==== Data records ====

(* Let $a,b,u$ be positive integers. In coordinates $(i,j)$ with $i$ the row index (increasing downward, so ''north'' means decreasing $i$) and $j$ the column index (increasing eastward), a path means a lattice path with unit steps going east $(0,1)$ or north $(-1,0)$ from its SW endpoint to its NE endpoint, paths are nonintersecting if they share no vertex, and a diagonal chain of size $s$ is a set $\{(i_1,j_1),\dots,(i_s,j_s)\}$ with $i_1<\dots<i_s$ and $j_1<\dots<j_s$. (i) Assume $u\le\min(a,b)$. Let $X_p=(a-u+p,p)$ and $Y_p=(p,b-u+p)$ for $1\le p\le u$, let $R_{\rm hex}\subseteq\mathbb{R}^2$ be the closed hexagon with vertices $(1,1),X_1,X_u,(a,b),Y_u,Y_1$, and let $C\subseteq R_{\rm hex}\cap\mathbb{Z}^2$. Then there exists a collection of $u$ nonintersecting paths $H_1,\dots,H_u$, $H_p$ with endpoints $X_p$ and $Y_p$, whose union contains $C$, if and only if all diagonal chains in $C$ have size $\le u$. For (ii) and (ii') assume $C\subseteq([1,a]\times[1,b])\cap\mathbb{Z}^2$. (ii) If $u<a$, then there exists a collection of $u$ nonintersecting paths, the $p$-th with endpoints $(a-u+p,1)$ and $(p,b)$ ($1\le p\le u$), whose union contains $C$, if and only if $u\le b$ and all diagonal chains of $C$ have size $\le u$. If $u=a$, then (regardless of $b$) there exists a unique collection of $u$ nonintersecting paths, the $p$-th with endpoints $(a-u+p,1)$ and $(p,b)$, whose union contains $C$, and each of these paths is straight horizontal. (ii') If $u<b$, then there exists a collection of $u$ nonintersecting paths, the $q$-th with endpoints $(1,b-u+q)$ and $(a,q)$ ($1\le q\le u$), whose union contains $C$, if and only if $u\le a$ and all diagonal chains of $C$ have size $\le u$. If $u=b$, then (regardless of $a$) there exists a unique collection of $u$ nonintersecting paths, the $q$-th with endpoints $(1,b-u+q)$ and $(a,q)$, whose union contains $C$, and each of these paths is straight vertical.
   Context: A path is straight horizontal if it contains no vertical edge and straight vertical if it contains no horizontal edge. All paths are in the lattice $\mathbb{Z}^2$ (for (ii), (ii') inside the grid $[1,a]\times[1,b]$). *)

(* Lattice points are pairs of integers (i, j):
   i = row index (increasing downward, "north" = decreasing i),
   j = column index (increasing eastward). *)
From mathcomp Require Import all_boot all_order all_algebra.
Set Implicit Arguments. Unset Strict Implicit. Unset Printing Implicit Defensive.
Import Order.TTheory GRing.Theory Num.Theory.
Local Open Scope ring_scope.
Lemma conv_qbin_coef_rec n :
  (1 - q ^+ n.+2) * (S n.+2 + S n) = (z + z^-1) * (1 - be * q ^+ n.+1) * S n.+1.
Proof.
have := conv_qdiff n (qbin_coefS a z) (qbin_coefS b z^-1).
rewrite -/S [a * z * _]mulrACA ab_q2 divff // mulr1 mul1r azb => E.
apply/eqP; rewrite -subr_eq0 -(subrr (S n.+2 - (z + z^-1) * S n.+1 + S n)) {2}E.
by apply/eqP; rewrite !exprS; ring.
Qed.

End QBinomialProduct.

Section TerminatingPhi32.
Variables (F : fieldType) (q : F).
Hypotheses (q_neq0 : q != 0) (q_nonroot : forall k, 1 - q ^+ k.+1 != 0).

Lemma qpoch_q2_neq0 n : qpoch (q ^+ 2) q n != 0.
Proof. by apply: qpoch_neq0 => j _; rewrite -exprD addnC addn2. Qed.

Lemma qpoch_q2E n : qpoch (q ^+ 2) q n = qpoch q q n * (1 - q ^+ n.+1) / (1 - q).
Proof.
have := q_nonroot 0; rewrite expr1 => hq.
by apply: (mulIf hq); rewrite divfK // mulrC expr2 -qpochSl qpochS -exprS.
Qed.

Lemma qinv_neq1 m : 1 - q ^- m.+1 != 0.
Proof.
rewrite -[1 - _](@mulfK _ (q ^+ m.+1)) ?expf_neq0 // mulrBl mul1r mulVf ?expf_neq0 //.
by rewrite mulf_neq0 ?invr_neq0 ?expf_neq0 // -opprB oppr_eq0.
Qed.

Lemma qpoch_qinv_contiguous p n k :
  (1 - q ^+ n.+3) * qpoch (q ^- n.+2) q k.+1
  - qpoch (q ^- n.+1) q k.+1 / q ^+ k.+1 * (1 + p * (q ^+ k.+1 * q ^+ k.+1))
  + q ^+ n.+1 * (q ^+ 2 + p) * qpoch (q ^- n.+1) q k.+1
  + p * (1 - q ^+ n.+1) * qpoch (q ^- n) q k.+1
  + qpoch (q ^- n.+1) q k / q ^+ k * ((1 - q ^+ k.+1) * (1 - q ^+ k.+2) / q) = 0.
Proof.
have qinvSq m : q ^- m.+1 * q = q ^- m by rewrite exprS invfM mulrAC mulVf // mul1r.
have E2 : qpoch (q ^- n.+2) q k.+1 = (1 - q ^- n.+2) * qpoch (q ^- n.+1) q k.
  by rewrite qpochSl qinvSq.
have E0 : qpoch (q ^- n) q k.+1 = qpoch (q ^- n.+1) q k * (1 - q ^- n.+1 * q ^+ k)
          * (1 - q ^- n.+1 * q ^+ k.+1) / (1 - q ^- n.+1).
  apply: (mulIf (qinv_neq1 n)); rewrite divfK ?qinv_neq1 //.
  by rewrite -(qinvSq n) mulrC -qpochSl !qpochS -mulrA.
rewrite E2 qpochS E0.
have hn := q_nonroot n; have hn1 := q_nonroot n.+1.
rewrite !exprS !invfM; rewrite !exprS in hn hn1.
by field; rewrite q_neq0 !expf_neq0 //= -opprB oppr_eq0 hn.
Qed.

Variables a a' : F.

Definition phi32_weight k :=
  q ^+ k * (qpoch a q k * qpoch a' q k) / (qpoch (q ^+ 2) q k * qpoch q q k).

Local Notation Phi m := (phi32 m (q ^- m) a a' (q ^+ 2) 0 q q).

Lemma phi32_weightE m d :
  Phi m = \sum_(k < m.+1 + d) qpoch (q ^- m) q k * phi32_weight k.
Proof.
elim: d => [|d IH].
  rewrite addn0 /phi32 big_mkord; apply: eq_bigr => k _.
  by rewrite qpoch0a mulr1 /phi32_weight; field; rewrite qpoch_q2_neq0 qpoch_qq_neq0.
by rewrite addnS big_ord_recr /= -IH qpoch_qinv_eq0 ?mul0r ?addr0 // ltnS leq_addr.
Qed.

Lemma phi32_weight_contiguous k :
  (a + a') * phi32_weight k =
  ((1 + a * a' * (q ^+ k * q ^+ k)) * phi32_weight k
   - (1 - q ^+ k.+1) * (1 - q ^+ k.+2) / q * phi32_weight k.+1) / q ^+ k.
Proof.
have h1 := q_nonroot k; have h2 := q_nonroot k.+1.
have h3 := qpoch_qq_neq0 q_nonroot k; have h4 := qpoch_q2_neq0 k.
rewrite /phi32_weight !qpochS !exprS; rewrite !exprS in h1 h2 h4.
by rewrite mulrA in h2; field; rewrite expf_neq0 // h1 h2 h3 h4 q_neq0.
Qed.
(* In the line network model (see context) with $\ell\ge2$ links and any erasure probabilities $p_1,\dots,p_\ell\in[0,1)$, the process $(Y_k)_{1\le k\le n}$ is stochastically increasing: for all $1\le k\le k'\le n$ and all $\omega\in\mathbb{N}^{\ell-1}$, $$\mathbb{P}(Y_k\succeq\omega)\le\mathbb{P}(Y_{k'}\succeq\omega),$$ where $\succeq$ is the componentwise order on $\mathbb{N}^{\ell-1}$ ($a\succeq b$ iff $a_j\ge b_j$ for all $j$).
   Context: Line network model. Fix integers $\ell\ge1$, $n\ge1$ and erasure probabilities $p_1,\dots,p_\ell\in[0,1)$. Let $\{z_{t,i}\}$ be independent Bernoulli variables with $\mathbb{P}(z_{t,i}=1)=1-p_i$. The rank $\rho_i(t)$ of node $N^{(i)}$ after $t$ steps satisfies $\rho_1(t)=n$, $\rho_i(0)=0$ for $i\ge2$, and $\rho_{i+1}(t)=\rho_{i+1}(t-1)+z_{t,i}\mathbf 1\{\rho_i(t-1)>\rho_{i+1}(t-1)\}$ for $t\ge1$, $1\le i\le\ell$; $\rho_i-\rho_{i+1}$ is the number of innovative packets at node $N^{(i)}$. For $1\le k\le n$ let $\sigma_k:=\min\{t:\rho_2(t)=k\}$ be the time step at which the $k$-th packet arrives at $N^{(2)}$, and let $Y_k:=(R^{(2)}_k,\dots,R^{(\ell)}_k)$ with $R^{(i)}_k:=\rho_i(\sigma_k)-\rho_{i+1}(\sigma_k)$, the numbers of innovative packets at nodes $N^{(2)},\dots,N^{(\ell)}$ at that moment (including packet $k$). *)

From Stdlib Require Import Reals Arith List.
Open Scope R_scope.

Definition upd (b : nat -> bool) (j : nat) (v : bool) : nat -> bool :=
  fun x => if Nat.eqb x j then v else b x.

(* Esum m q F = E[F(b)] where b_0,...,b_{m-1} are independent Bernoulli
   variables with P(b_j = true) = q j, and b_j = false for j >= m.
   When F only depends on the coordinates < m this is the exact expectation. *)
Fixpoint Esum (m : nat) (q : nat -> R) (F : (nat -> bool) -> R) : R :=
  match m with
  | O => F (fun _ => false)
  | S m' => q m' * Esum m' q (fun b => F (upd b m' true))
          + (1 - q m') * Esum m' q (fun b => F (upd b m' false))
  end.

(* Coordinates: z_{t,i} (t >= 1, 1 <= i <= l) is stored at index (t-1)*l + (i-1). *)
Definition zof (l : nat) (b : nat -> bool) (t i : nat) : bool :=
  b ((t - 1) * l + (i - 1))%nat.

(* Success probability of coordinate j : 1 - p_i with i = j mod l + 1. *)
Definition qof (l : nat) (p : nat -> R) (j : nat) : R :=
  1 - p (Nat.modulo j l + 1)%nat.

(* Ranks rho t i (meaningful for 1 <= i <= l+1):
   rho_1(t) = n, rho_i(0) = 0 for i >= 2,
   rho_{i+1}(t) = rho_{i+1}(t-1) + z_{t,i} * 1{rho_i(t-1) > rho_{i+1}(t-1)}. *)
Fixpoint rho (n : nat) (z : nat -> nat -> bool) (t : nat) (i : nat) : nat :=
  match t with
  | O => if Nat.leb i 1 then n else O
  | S t' =>
      match i with
      | O => n
      | S O => n
      | S i' => (rho n z t' i
                 + (if andb (z t i') (Nat.ltb (rho n z t' i) (rho n z t' i'))
                    then 1 else 0))%nat
      end
  end.

(* t = sigma_k : first time with rho_2(t) = k. *)
Definition is_sigma (n : nat) (z : nat -> nat -> bool) (k t : nat) : bool :=
  andb (Nat.eqb (rho n z t 2) k)
       (forallb (fun s => negb (Nat.eqb (rho n z s 2) k)) (seq 0 t)).

(* Y ⪰ omega at time t: omega_j <= R^{(j+2)} = rho_{j+2}(t) - rho_{j+3}(t)
   for j = 0 .. l-2 (omega's first l-1 entries form the vector in N^{l-1}). *)
Definition Y_ge (l n : nat) (z : nat -> nat -> bool) (t : nat) (w : nat -> nat) : bool :=
  forallb (fun j => Nat.leb (w j) (rho n z t (j + 2) - rho n z t (j + 3)))
          (seq 0 (l - 1)).

(* P(sigma_k = t and Y_k ⪰ omega); the event depends only on z_{s,i},
   s <= t, i <= l, i.e. on coordinates < t*l. *)
Definition prob_term (l n : nat) (p : nat -> R) (k : nat) (w : nat -> nat) (t : nat) : R :=
  Esum (t * l)%nat (qof l p)
    (fun b => if andb (is_sigma n (zof l b) k t) (Y_ge l n (zof l b) t w)
              then 1 else 0).

From Stdlib Require Import Reals List Lia Lra FunctionalExtensionality Classical.
Open Scope R_scope.

(* Let s = σ_1 be the step at which the first packet
   reaches N^(2).  The erasures after step s are independent of those up to
   step s and have the same (l-periodic) law, so they drive a fresh copy of
   the network.  Run side by side from time s, node N^(2) of the original
   network holds exactly one packet more than that of the copy, while every
   downstream backlog R^(i) of the copy stays below the original one
   (tandem queues are monotone).  Hence {σ_k = t, Y_k ⪰ ω} for the copy
   implies {σ_{k+1} = s+t, Y_{k+1} ⪰ ω} for the original.  Averaging over s,
   whose law is P(σ_1 = s+1) = p_1^s (1 - p_1), gives
     (1 - p_1^N) Σ_{t<=T} P(σ_k = t, Y_k ⪰ ω) <= Σ_{u<=N+T} P(σ_{k+1} = u, Y_{k+1} ⪰ ω),
   and letting N, T -> ∞ yields P(Y_k ⪰ ω) <= P(Y_{k+1} ⪰ ω). *)

Section BernoulliExpectation.

Variable q : nat -> R.
Hypothesis q_prob : forall j, 0 <= q j <= 1.

Lemma Esum_ext m F G : (forall b, F b = G b) -> Esum m q F = Esum m q G.
Proof. intros H. replace G with F; [reflexivity | apply functional_extensionality; auto]. Qed.

Lemma Esum_const m c : Esum m q (fun _ => c) = c.
Proof. induction m; simpl; [reflexivity | rewrite IHm; ring]. Qed.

====

● Work to complete
Using the records above, list each line that includes "match".

● Answer to the problem
  match m with
  match t with
      match i with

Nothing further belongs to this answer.